• **What you have to do**:
Copy each line of the entries that includes the word "rmorphXn".

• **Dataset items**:

(* Let $n\ge 1$ and let $\mathcal{V}\subseteq\{0,1\}^n$ be a set of indicator vectors. Suppose that the primal shatter function of $\mathcal{V}$ has the $(d,d_1)$ Clarkson–Shor property for a fixed integer $d>0$ and a real $1\le d_1\le d$, with a fixed constant $C>0$. That is, for every index set $I\subseteq[n]$ with $|I|=m\le n$ and every integer $1\le k'\le m$, the number of vectors of $\mathcal{V}_{|_I}$ of length at most $k'$ is at most $C m^{d_1}k'^{\,d-d_1}$. Let $d_0$ be the VC-dimension of $\mathcal{V}$. Let $\delta$ be an integer with $1\le\delta\le n/2^{(d_0+1)}$, and let $k$ be an integer with $1\le k\le n$ and $k\ge\delta/2$. Then $$\mathcal{M}(\delta,k,\mathcal{V})=O\!\left(\frac{n^{d_1}k^{d-d_1}}{\delta^d}\right).$$ Here $\mathcal{M}(\delta,k,\mathcal{V})$ is the maximum cardinality of a $\delta$-separated subset of $\mathcal{V}$ all of whose vectors have length at most $k$. The constant of proportionality depends on $d$ (with $d_0$ and $C$ regarded as fixed) and not on $n$, $k$ or $\delta$.
   Context: For $\mathbf{v}\in\{0,1\}^n$, its length is $\|\mathbf{v}\|=\sum_i|\mathbf{v}_i|$. The distance between two vectors is $\rho(\mathbf{u},\mathbf{v})=\sum_i|\mathbf{u}_i-\mathbf{v}_i|$, i.e. the Hamming distance. A set $\mathcal{W}$ of vectors is $\delta$-separated if $\rho(\mathbf{u},\mathbf{v})>\delta$ for all distinct $\mathbf{u},\mathbf{v}\in\mathcal{W}$. For a sequence of indices $I=(i_1,\dots,i_m)$, the projection is $\mathcal{V}_{|_I}=\{(\mathbf{v}_{i_1},\dots,\mathbf{v}_{i_m}):\mathbf{v}\in\mathcal{V}\}$, a set of distinct vectors. The primal shatter function is $\pi_{\mathcal{V}}(m)=\max_{|I|=m}|\mathcal{V}_{|_I}|$. An index sequence $I$ is shattered if $\mathcal{V}_{|_I}=\{0,1\}^{|I|}$. The VC-dimension $d_0$ is the largest size of a shattered sequence. *)

From Stdlib Require Import Reals.
From mathcomp Require Import all_boot.
Lemma horner_muni_snd s : (muni_snd s).[X1] = s.
Proof.
apply: (mpoly_rmorph_ext
          (horner_eval X1 \o (@muni 2 K \o comp_mpoly [tuple Y0; Y2])) idfun)
  => [c|[[|[|//]] ?]] /=.
- by rewrite comp_mpolyC muniC horner_evalE hornerC.
- rewrite comp_mpolyXU muniY0 horner_evalE hornerC; congr 'X__; exact: val_inj.
- rewrite comp_mpolyXU muniY2 horner_evalE hornerX; congr 'X__; exact: val_inj.
Qed.

Lemma muni_snd_coef_freeX1 s :
  map_poly (comp_mpoly [tuple X0; 0]) (muni_snd s) = muni_snd s.
Proof.
apply: (mpoly_rmorph_ext
          (map_poly (comp_mpoly [tuple X0; 0]) \o (@muni 2 K \o comp_mpoly [tuple Y0; Y2]))
          (@muni 2 K \o comp_mpoly [tuple Y0; Y2])) => [c|[[|[|//]] ?]] /=.
- by rewrite comp_mpolyC muniC map_polyC /= comp_mpolyC.
- by rewrite comp_mpolyXU muniY0 map_polyC /= comp_mpolyXU.
- by rewrite comp_mpolyXU muniY2 map_polyX.
Qed.

(* Specializing [s(t, w) = s(w, t)] at [w = 0] and [w = 1] shows that [u0]
   and [u1] are affine in [x_0]. *)
Lemma bilinear_of_affine (s u0 u1 : A2 K) :
  swap2 s = s -> u0 \mPo [tuple X0; 0] = u0 -> u1 \mPo [tuple X0; 0] = u1 ->
  s = u0 + u1 * X1 -> bilinear s.
Proof.
move=> s_sym u0E u1E sE.
have s_at t w : s \mPo [tuple t; w] = u0 \mPo [tuple t; 0] + (u1 \mPo [tuple t; 0]) * w.
  rewrite {1}sE -{1}u0E -{1}u1E rmorphD rmorphM /= !comp_mpoly2A.
  by rewrite !comp_mpolyXU /= comp_mpoly0.
have s_atC t w : s \mPo [tuple t; w] = s \mPo [tuple w; t].
  by rewrite -{1}s_sym /swap2 comp_mpoly2A !comp_mpolyXU.
have [k0 k0E] := comp_mpoly2_const 2 u0 0 0.
have [k1 k1E] := comp_mpoly2_const 2 u1 0 0.
have [l0 l0E] := comp_mpoly2_const 2 u0 1 0.
have [l1 l1E] := comp_mpoly2_const 2 u1 1 0.
rewrite mpolyC0 in k0E k1E; rewrite mpolyC0 mpolyC1 in l0E l1E.
have u0_affine : u0 = k0%:MP + k1%:MP * X0.
  transitivity (s \mPo [tuple X0; 0]); first by rewrite s_at mulr0 addr0 u0E.
  by rewrite s_atC s_at k0E k1E.
have u1_affine : u1 = l0%:MP + l1%:MP * X0 - (k0%:MP + k1%:MP * X0).
  have <- : u0 + u1 = l0%:MP + l1%:MP * X0.
    transitivity (s \mPo [tuple X0; 1]); first by rewrite s_at mulr1 u0E u1E.
    by rewrite s_atC s_at l0E l1E.
  by rewrite -u0_affine addrAC subrr add0r.
have l0E' : l0%:MP = k0%:MP + k1%:MP :> A2 K.
  rewrite -k1E {1}u1_affine !(rmorphB, rmorphD, rmorphM) /=.
  rewrite !comp_mpolyC comp_mpolyXU /=.
  by rewrite !mulr0 !addr0 addrC subrK.
exists k0, k1, (l1 - k1).
by rewrite sE u0_affine u1_affine l0E' rmorphB /=; ring.
Qed.

Lemma bilinear_of_jacobiator (s : A2 K) (c : K) :
  swap2 s = s ->
  jacobiator (fun x y => s \mPo [tuple x; y]) Y0 Y1 Y2
  = c%:MP * ((Y0 - Y1) * (Y1 - Y2) * (Y0 - Y2)) ->
  bilinear s.
Proof.
move=> s_sym J.
have size_u : (size (muni_snd s) <= 2)%N.
  apply: (size_le2_of_jacobiator _ _ s c%:MP X0 X1 _ (size_muni_comp12 s)).
    by rewrite -subr_eq0 mpolyXB_neq0.
  have := congr1 (@muni 2 K) J; rewrite /jacobiator /muni_snd /=.
  (* Generalizing the three evaluations of [s] keeps the rewriting below from
     unfolding them, which would be very slow. *)
  move: (muni_comp01 s); move: (s \mPo [tuple Y0; Y1]) => s01 s01E.
  move: (s \mPo [tuple Y0; Y2]) (s \mPo [tuple Y1; Y2]) => s02 s12.
  by rewrite !rmorphD !rmorphM /= !muniB s01E muniY0 muniY1 muniY2 muniC polyCN.
have coefE i : (muni_snd s)`_i \mPo [tuple X0; 0] = (muni_snd s)`_i.
  by rewrite -coef_map muni_snd_coef_freeX1.
apply: (bilinear_of_affine s_sym (coefE 0%N) (coefE 1%N)).
rewrite -{1}(horner_muni_snd s) (horner_coef_wide _ size_u) big_ord_recr big_ord1 /=.
by rewrite expr0 mulr1 expr1.
Qed.

Lemma antisym_factor (p : A2 K) : 2%:R != 0 :> K ->
  swap2 p = - p -> exists s, swap2 s = s /\ p = (X0 - X1) * s.
Proof.
move=> two_neq0 p_anti.
have diag0 : p \mPo [tuple X1; X1] = 0.
  have := congr1 (comp_mpoly [tuple X1; X1]) p_anti.
  rewrite /swap2 comp_mpoly2A !comp_mpolyXU /= raddfN => /eqP.
  by rewrite -addr_eq0 -mulr2n -scaler_nat scaler_eq0 (negbTE two_neq0) => /eqP.
have [s pE] := mpoly2_subdiag_factor p; rewrite diag0 subr0 in pE.
exists s; split=> //; apply: (mulfI (mpolyXB_neq0 _ i21 i20 isT)).
move: p_anti; rewrite pE rmorphM rmorphB /= /swap2 !comp_mpolyXU /= => ->.
by rewrite -mulNr opprB.
Qed.

Section Bracket.
Variable br : A K -> A K -> A2 K.
Hypothesis hbr : double_bracket br.
Local Notation P := (br 'X 'X).

Lemma brDr a b c : br a (b + c) = br a b + br a c.
Proof. by case: hbr => _ + _ _ => /(_ 1 a b c); rewrite !scale1r. Qed.

Lemma br0r a : br a 0 = 0.
Proof. by apply: (addrI (br a 0)); rewrite -brDr !addr0. Qed.

Lemma brZr a k b : br a (k *: b) = k *: br a b.
Proof. by case: hbr => _ + _ _ => /(_ k a b 0); rewrite !addr0 br0r addr0. Qed.

Lemma br1r a : br a 1 = 0.
Proof.
case: hbr => _ _ _ /(_ a 1 1); rewrite mulr1 !bimod11 => h.
by apply: (addrI (br a 1)); rewrite -h addr0.
Qed.

Lemma brCr a c : br a c%:P = 0.
Proof. by rewrite -alg_polyC brZr br1r scaler0. Qed.

Lemma br_mulXBr a p : (X0 - X1) * br a p = br a 'X * (emb i20 p - emb i21 p).
Proof.
elim/poly_ind: p => [|p c IH]; first by rewrite br0r !embE !rmorph0 subrr !mulr0.
case: hbr => _ _ _ Leibniz.
rewrite brDr brCr addr0 Leibniz /bimod !embE !rmorphD !rmorphM /= !mhornerX !mhornerC.
rewrite !rmorph1 mul1r mulr1.
transitivity ((X0 - X1) * br a p * X1 + (X0 - X1) * mhorner X0 p * br a 'X); first ring.
rewrite IH !embE; ring.
Qed.

Lemma swap2_brXX : swap2 P = - P.
Proof. by case: hbr => _ _ /(_ 'X 'X) {1}-> _; rewrite rmorphN /= swap2K. Qed.

Lemma br_mulXBl a : (X0 - X1) * br a 'X = P * (emb i20 a - emb i21 a).
Proof.
case: hbr => _ _ antisym _; rewrite antisym.
have := congr1 (@swap2 K) (br_mulXBr 'X a).
rewrite !rmorphM !rmorphB /= swap2_brXX swap2_emb0 swap2_emb1.
rewrite /swap2 !comp_mpolyXU /= => h.
transitivity ((X1 - X0) * swap2 (br 'X a)); first ring.
rewrite /swap2 h; ring.
Qed.

Lemma br_mulXB2 a b :
  (X0 - X1) ^+ 2 * br a b = P * (emb i20 a - emb i21 a) * (emb i20 b - emb i21 b).
Proof.
transitivity ((X0 - X1) * ((X0 - X1) * br a b)); first ring.
rewrite br_mulXBr mulrA br_mulXBl; ring.
Qed.

Definition brXX_at (x y : A3 K) := P \mPo [tuple x; y].

Lemma incl12_br_mulXBr a p :
  (Y0 - Y1) * incl12 (br a p) = incl12 (br a 'X) * (mhorner Y0 p - mhorner Y1 p).
Proof.
have := congr1 (@incl12 K) (br_mulXBr a p).
by rewrite !rmorphM !rmorphB /= incl12_emb0 incl12_emb1 /incl12 !comp_mpolyXU.
Qed.

Lemma incl12_br_mulXBl a :
  (Y0 - Y1) * incl12 (br a 'X) = brXX_at Y0 Y1 * (mhorner Y0 a - mhorner Y1 a).
Proof.
have := congr1 (@incl12 K) (br_mulXBl a).
by rewrite !rmorphM !rmorphB /= incl12_emb0 incl12_emb1 /incl12 !comp_mpolyXU.
Qed.

Lemma brL_mulXB a d : (Y0 - Y1) * brL br a d
  = incl12 (br a 'X) * ((d \mPo [tuple Y0; Y2]) - (d \mPo [tuple Y1; Y2])).
Proof.
rewrite /brL !comp_mpolyE -sumrB !mulr_sumr; apply: eq_bigr => m _.
rewrite !big_ord2 /= -scalerBr -!scalerAr; congr (_ *: _).
by rewrite mulrA incl12_br_mulXBr !rmorphXn /= !mhornerX; ring.
Qed.

Lemma comp_br_mulXB2 b c (x y : A3 K) :
  (x - y) ^+ 2 * (br b c \mPo [tuple x; y])
  = brXX_at x y * (mhorner x b - mhorner y b) * (mhorner x c - mhorner y c).
Proof.
have := congr1 (comp_mpoly [tuple x; y]) (br_mulXB2 b c).
by rewrite !rmorphM !rmorphB /= !embE !comp_mhorner !comp_mpolyXU.
Qed.

Local Notation cyclic_term_br a b c :=
  (cyclic_term brXX_at (ev a) (ev b) (ev c)).

Lemma disc3_brL a b c :
  disc3 Y0 Y1 Y2 * brL br a (br b c) = cyclic_term_br a b c Y0 Y1 Y2.
Proof.
apply: (disc3_cyclic_term (q := fun x => br b c \mPo [tuple x; Y2])); last first.
  by move=> x; exact: comp_br_mulXB2.
by rewrite expr2 -mulrA brL_mulXB mulrA incl12_br_mulXBl.
Qed.

Lemma comp_cyclic_term a b c (x y z : A3 K) (lq : 3.-tuple (A3 K)) :
  cyclic_term_br a b c x y z \mPo lq
  = cyclic_term_br a b c (x \mPo lq) (y \mPo lq) (z \mPo lq).
Proof.
rewrite /cyclic_term /brXX_at !(rmorphM, rmorphB, rmorphXn) /=.
by rewrite !comp_mpoly2A !comp_mhorner.
Qed.

Lemma disc3_tau3 d : disc3 Y0 Y1 Y2 * tau3 d = tau3 (disc3 Y0 Y1 Y2 * d).
Proof.
rewrite rmorphM /=; congr (_ * _).
by rewrite /disc3 !(rmorphM, rmorphB, rmorphXn) /= /tau3 !comp_mpolyXU /=; ring.
Qed.
(* A is a Ramsey m-product subset: every infinite X contains pairwise distinct
   x1..xk (k = length ms) with x_{s(1)}^{m1}...x_{s(k)}^{mk} in A for all
   permutations s (a permutation of the list xs). *)
Definition ramsey_product (ms : list Z) (A : G -> Prop) : Prop :=
  forall X : G -> Prop, infinite X ->
    exists xs : list G, length xs = length ms /\ NoDup xs /\
      (forall x, In x xs -> X x) /\
      (forall ys, Permutation xs ys -> A (prodpow ms ys)).

Definition is_filter (F : (G -> Prop) -> Prop) : Prop :=
  F (fun _ => True) /\
  ~ F (fun _ => False) /\
  (forall A B : G -> Prop, F A -> (forall x, A x -> B x) -> F B) /\
  (forall A B : G -> Prop, F A -> F B -> F (fun x => A x /\ B x)).

End Defs.

(* Enumerate an infinite X injectively by f and colour
   each increasing k-list l of indices according to whether every rearrangement of f(l) has its
   m-product in A. Ramsey gives an infinite homogeneous set of indices; its f-image Y is infinite, so
   if A is a Ramsey m-product set then some k distinct points of Y have all rearranged products in A,
   which fixes the colour of Y, and then every k distinct points of Y do. The converse is immediate,
   and the filter property follows by applying the characterisation twice. *)
From Stdlib Require Import ZArith List.
From Stdlib Require Import Lia Sorted Permutation Classical ClassicalEpsilon.
Import ListNotations.

Lemma dependent_choice {A : Type} (Inv : A -> Prop) (R : A -> A -> Prop) (x0 : A) :
  Inv x0 -> (forall x, Inv x -> exists y, Inv y /\ R x y) ->
  exists s : nat -> A, s 0 = x0 /\ forall n, Inv (s n) /\ R (s n) (s (S n)).
Proof.
  intros Hx0 Hstep.
  destruct (choice (fun x y => Inv x -> Inv y /\ R x y)) as [g Hg].
  { intro x. destruct (classic (Inv x)) as [Hx | Hx].
    - destruct (Hstep x Hx) as [y Hy]. exists y. auto.
    - exists x. tauto. }
  exists (fun n => Nat.iter n g x0). split; [reflexivity |].
  assert (Hinv : forall n, Inv (Nat.iter n g x0)).
  { induction n as [| n IH]; [exact Hx0 | exact (proj1 (Hg _ IH))]. }
  intro n. split; [apply Hinv | exact (proj2 (Hg _ (Hinv n)))].
Qed.

Section IncreasingSequence.

Variable a : nat -> nat.
Hypothesis a_succ : forall n, a n < a (S n).

Lemma increasing_lt i j : i < j -> a i < a j.
Proof.
  induction j as [| j IH]; intro Hij; [lia |].
  specialize (a_succ j). destruct (Nat.eq_dec i j) as [-> | Hne]; [lia |].
  specialize (IH ltac:(lia)). lia.
Qed.
Lemma divert_below u u' z : e u' x -> connect e z u' -> divert u z =
  if connect e a1 z then pick_child (connect e a1) z
  else if connect e a2 z then pick_child (connect e a2) z
  else pick_child predT z.
Proof.
move=> u'x zu'; have zx : connect e z x := connect_trans zu' (connect1 u'x).
rewrite /divert ifN; last by apply: contraNneq (SET_acyclic u'x) => <-.
by rewrite ifN //; apply: contraNN (SET_acyclic u'x) => /connect1/connect_trans; apply.
Qed.

Lemma follow_divert1 : follow (divert u1) x = a1.
Proof.
have /PsetP [pa1 a1c] := a1u1.
rewrite (follow_match (divert_child u1x) (edge_match u1x)) divert_x.
apply: (follow_along (divert_child u1x) pa1 a1c) => z zm a1z zu1.
rewrite (divert_below _ u1x zu1) a1z.
by case: (pick_child_toward pa1 zm a1z).
Qed.

Lemma follow_divert2 : follow (divert u2) x = a2.
Proof.
have /PsetP [pa1 a1c] := a1u1; have /PsetP [pa2 a2c] := a2u2.
rewrite (follow_match (divert_child u2x) (edge_match u2x)) divert_x.
apply: (follow_along (divert_child u2x) pa2 a2c) => z zm a2z zu2.
have a1z : connect e a1 z = false.
  apply: contraNF u12 => a1z; apply/eqP.
  exact: (siblings_connect_eq u1x u2x a1c (connect_trans a1z zu2)).
rewrite (divert_below _ u2x zu2) a1z a2z.
by case: (pick_child_toward pa2 zm a2z).
Qed.

Lemma follow_divert_off y : y != x -> follow (divert u1) y = follow (divert u2) y.
Proof.
apply: (follow_eq_off (divert_child u1x) (divert_child u2x)) => z zm zx.
by split; [rewrite /divert (negbTE zx) | exact: divert_off].
Qed.

Lemma diverted_brackets : exists B1 B2, [/\ is_bracket e B1, is_bracket e B2,
  B1 x = a1, B2 x = a2 & forall y, y != x -> B1 y = B2 y].
Proof.
exists [ffun y => follow (divert u1) y], [ffun y => follow (divert u2) y].
split; rewrite ?ffunE ?follow_divert1 ?follow_divert2 //.
- exact: bracket_follow (divert_child u1x).
- exact: bracket_follow (divert_child u2x).
- by move=> y yx; rewrite !ffunE follow_divert_off.
Qed.

End Divert.

Lemma margin_le_resolving (R : realType) (sigma : V -> R) S x :
  resolving e sigma S -> x \in matches e -> margin x <= #|S|.
Proof.
move=> [_ resolves] xm; rewrite leqNgt; apply/negP => small.
pose W := [set B x | B : {ffun V -> V} in S].
have [u1 [u2 [a1 [a2 [[u1x u2x u12] [a1u1 a1W a2u2 a2W]]]]]] :=
  escaping_pair xm (leq_ltn_trans (leq_imset_card _ _) small : #|W| < margin x).
have [B1 [B2 [bB1 bB2 B1x B2x off]]] := diverted_brackets u1x u2x u12 a1u1 a2u2.
have a12 : a1 != a2.
  apply: contraNneq u12 => a12; apply/eqP.
  have /PsetP [_ a1c] := a1u1; have /PsetP [_ a2c] := a2u2.
  by rewrite a12 in a1c; apply: siblings_connect_eq u1x u2x a1c a2c.
have B12 : B1 != B2 by apply: contraNneq a12 => B12; rewrite -B1x -B2x B12.
have [B BS] := resolves B1 B2 bB1 bB2 B12; apply/negP; rewrite negbK.
have BxW : B x \in W by apply: imset_f.
apply/eqP; apply: (score_eq_off _ _ off); rewrite ?B1x ?B2x.
- by apply: contraNneq a1W => <-.
- by apply: contraNneq a2W => <-.
Qed.

Lemma bound_le_tdim (R : realType) (sigma : V -> R) : bound e <= tdim e sigma.
Proof.
rewrite /tdim -minEnat; apply: (@le_bigmin _ nat) => [|S /asboolP res].
  apply/bigmax_leqP => x _; rewrite card_ffun.
  apply: leq_trans (leq_subr _ _) (leq_trans (max_card _) _).
  by rewrite -{1}(expn1 #|V|) leq_pexp2l //; apply/card_gt0P; exists x.
by apply/bigmax_leqP => x xm; apply: margin_le_resolving res xm.
Qed.

Definition heavy x :=
  pick_child (fun u => \max_(w in in_nbrs e x) #|Pset e w| <= #|Pset e u|) x.

Definition light x := Pset e x :\: Pset e (heavy x).

Lemma light_Pset x a : a \in light x -> a \in Pset e x.
Proof. by rewrite in_setD => /andP []. Qed.

Lemma heavyP x : x \in matches e ->
  e (heavy x) x /\ #|Pset e (heavy x)| = \max_(w in in_nbrs e x) #|Pset e w|.
Proof.
move=> xm; have [u ux] := matchP _ xm.
set M := \max_(w in in_nbrs e x) #|Pset e w|.
have [w wx wM] : exists2 w, e w x & M <= #|Pset e w|.
  have [|w] := eq_bigmax_cond (fun w => #|Pset e w|) (_ : 0 < #|in_nbrs e x|).
    by apply/card_gt0P; exists u; rewrite inE.
  by rewrite inE /M => wx ->; exists w.
have [hx Mh] := @pick_childP (fun v => M <= #|Pset e v|) x w wx wM.
split=> //; apply/eqP; rewrite eqn_leq Mh andbT.
by apply: (leq_bigmax_cond (F := fun w => #|Pset e w|)); rewrite inE.
Qed.

Lemma card_light x : x \in matches e -> #|light x| = margin x.
Proof.
move=> xm; have [hx hmax] := heavyP xm.
by rewrite /margin -hmax cardsD (setIidPr (Pset_connect (connect1 hx))).
Qed.

Lemma Pset_sub_light u x : e u x -> u != heavy x -> Pset e u \subset light x.
Proof.
move=> ux uh; have [hx _] := heavyP (edge_match ux).
apply/subsetP => a au; have /PsetP [_ ac] := au.
rewrite in_setD (subsetP (Pset_connect (connect1 ux))) // andbT.
by apply: contra uh => /PsetP [_ /(siblings_connect_eq ux hx ac) ->].
Qed.

Lemma light_nested x y a : x \in matches e -> y \in matches e -> connect e x y ->
  a \in light x -> a \in light y -> light x \subset light y.
Proof.
move=> xm ym xy ax ay; have [<-|nxy] := eqVneq x y; first exact: subxx.
have [c xc cy] := connect_last xy nxy.
have ch : c != heavy y.
  have ac : a \in Pset e c := subsetP (Pset_connect xc) a (light_Pset ax).
  by apply: contraTneq ay => ch; rewrite /light -ch in_setD ac.
apply: subset_trans (subsetDl _ _) (subset_trans (Pset_connect xc) _).
exact: Pset_sub_light.
Qed.

Lemma light_laminar : laminar [set light x | x in matches e].
Proof.
move=> _ _ /imsetP [x xm ->] /imsetP [y ym ->].
case: (boolP [disjoint light x & light y]) => //=.
rewrite -setI_eq0 => /set0Pn [a]; rewrite inE => /andP [ax ay].
have /PsetP [_ ac] := light_Pset ax; have /PsetP [_ ac'] := light_Pset ay.
case/orP: (connect_comparable ac ac') => [xy|yx].
  by rewrite (light_nested xm ym xy ax ay).
by rewrite (light_nested ym xm yx ay ax) orbT.
Qed.

Lemma light_coloring : exists k : V -> nat, forall x, x \in matches e ->
  {in light x &, injective k} /\ {in light x, forall a, k a < bound e}.
Proof.
have [|k colored] := laminar_coloring (m := bound e) light_laminar.
  move=> _ /imsetP [x xm ->]; rewrite card_light //.
  exact: (leq_bigmax_cond (F := margin)).
by exists k => x xm; apply: colored; apply: imset_f.
Qed.

Lemma bracket_heavy B x : is_bracket e B -> x \in matches e ->
  B x \notin light x -> B x = B (heavy x).
Proof.
move=> bB xm Bx; have [hx _] := heavyP xm.
have [u ux Bu] := bracket_match bB xm.
have /PsetP [_ Buc] := bracket_Pset u bB.
have [_ Bhc] : B x \in players e /\ connect e (B x) (heavy x).
  by apply/PsetP; move: Bx; rewrite in_setD bracket_Pset // andbT negbK.
by rewrite Bu (siblings_connect_eq ux hx Buc) // -Bu.
Qed.

Lemma bracket_eq_of_light_cover (S : {set {ffun V -> V}}) B B' :
  (forall x a, x \in matches e -> a \in light x -> exists2 Bi, Bi \in S & Bi x = a) ->
  is_bracket e B -> is_bracket e B' ->
  (forall Bi y, Bi \in S -> y \in matches e -> (Bi y == B y) = (Bi y == B' y)) ->
  B = B'.
Proof.
move=> cover bB bB' agree; apply/ffunP; elim/SET_ind => x IH.
case/orP: (player_or_match x) => [px|xm]; first by rewrite !bracket_player.
case: (boolP (B x \in light x)) => [BL|BnL].
  have [Bi BiS BiB] := cover x _ xm BL.
  by move: (agree Bi x BiS xm); rewrite BiB eqxx => /esym/eqP.
case: (boolP (B' x \in light x)) => [BL'|BnL'].
  have [Bi BiS BiB] := cover x _ xm BL'.
  by move: (agree Bi x BiS xm); rewrite BiB eqxx => /eqP.
rewrite (bracket_heavy bB xm BnL) (bracket_heavy bB' xm BnL').
by apply: IH; case: (heavyP xm).
Qed.

Section LeadBrackets.

Variable k : V -> nat.
Hypothesis k_inj : forall x, x \in matches e -> {in light x &, injective k}.

Definition lead (i : nat) x :=
  if [pick a in light x | k a == i] is Some a then pick_child (connect e a) x
  else heavy x.

Lemma lead_light i x a : x \in matches e -> a \in light x -> k a = i ->
  lead i x = pick_child (connect e a) x.
Proof.
move=> xm ax ka; rewrite /lead; case: pickP => [b /andP [bx /eqP kb]|none].
  by rewrite (k_inj xm bx ax) // kb ka.
by have := none a; rewrite ax ka eqxx.
Qed.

• **The answer**:
by rewrite mulrA incl12_br_mulXBr !rmorphXn /= !mhornerX; ring.
rewrite /cyclic_term /brXX_at !(rmorphM, rmorphB, rmorphXn) /=.
by rewrite /disc3 !(rmorphM, rmorphB, rmorphXn) /= /tau3 !comp_mpolyXU /=; ring.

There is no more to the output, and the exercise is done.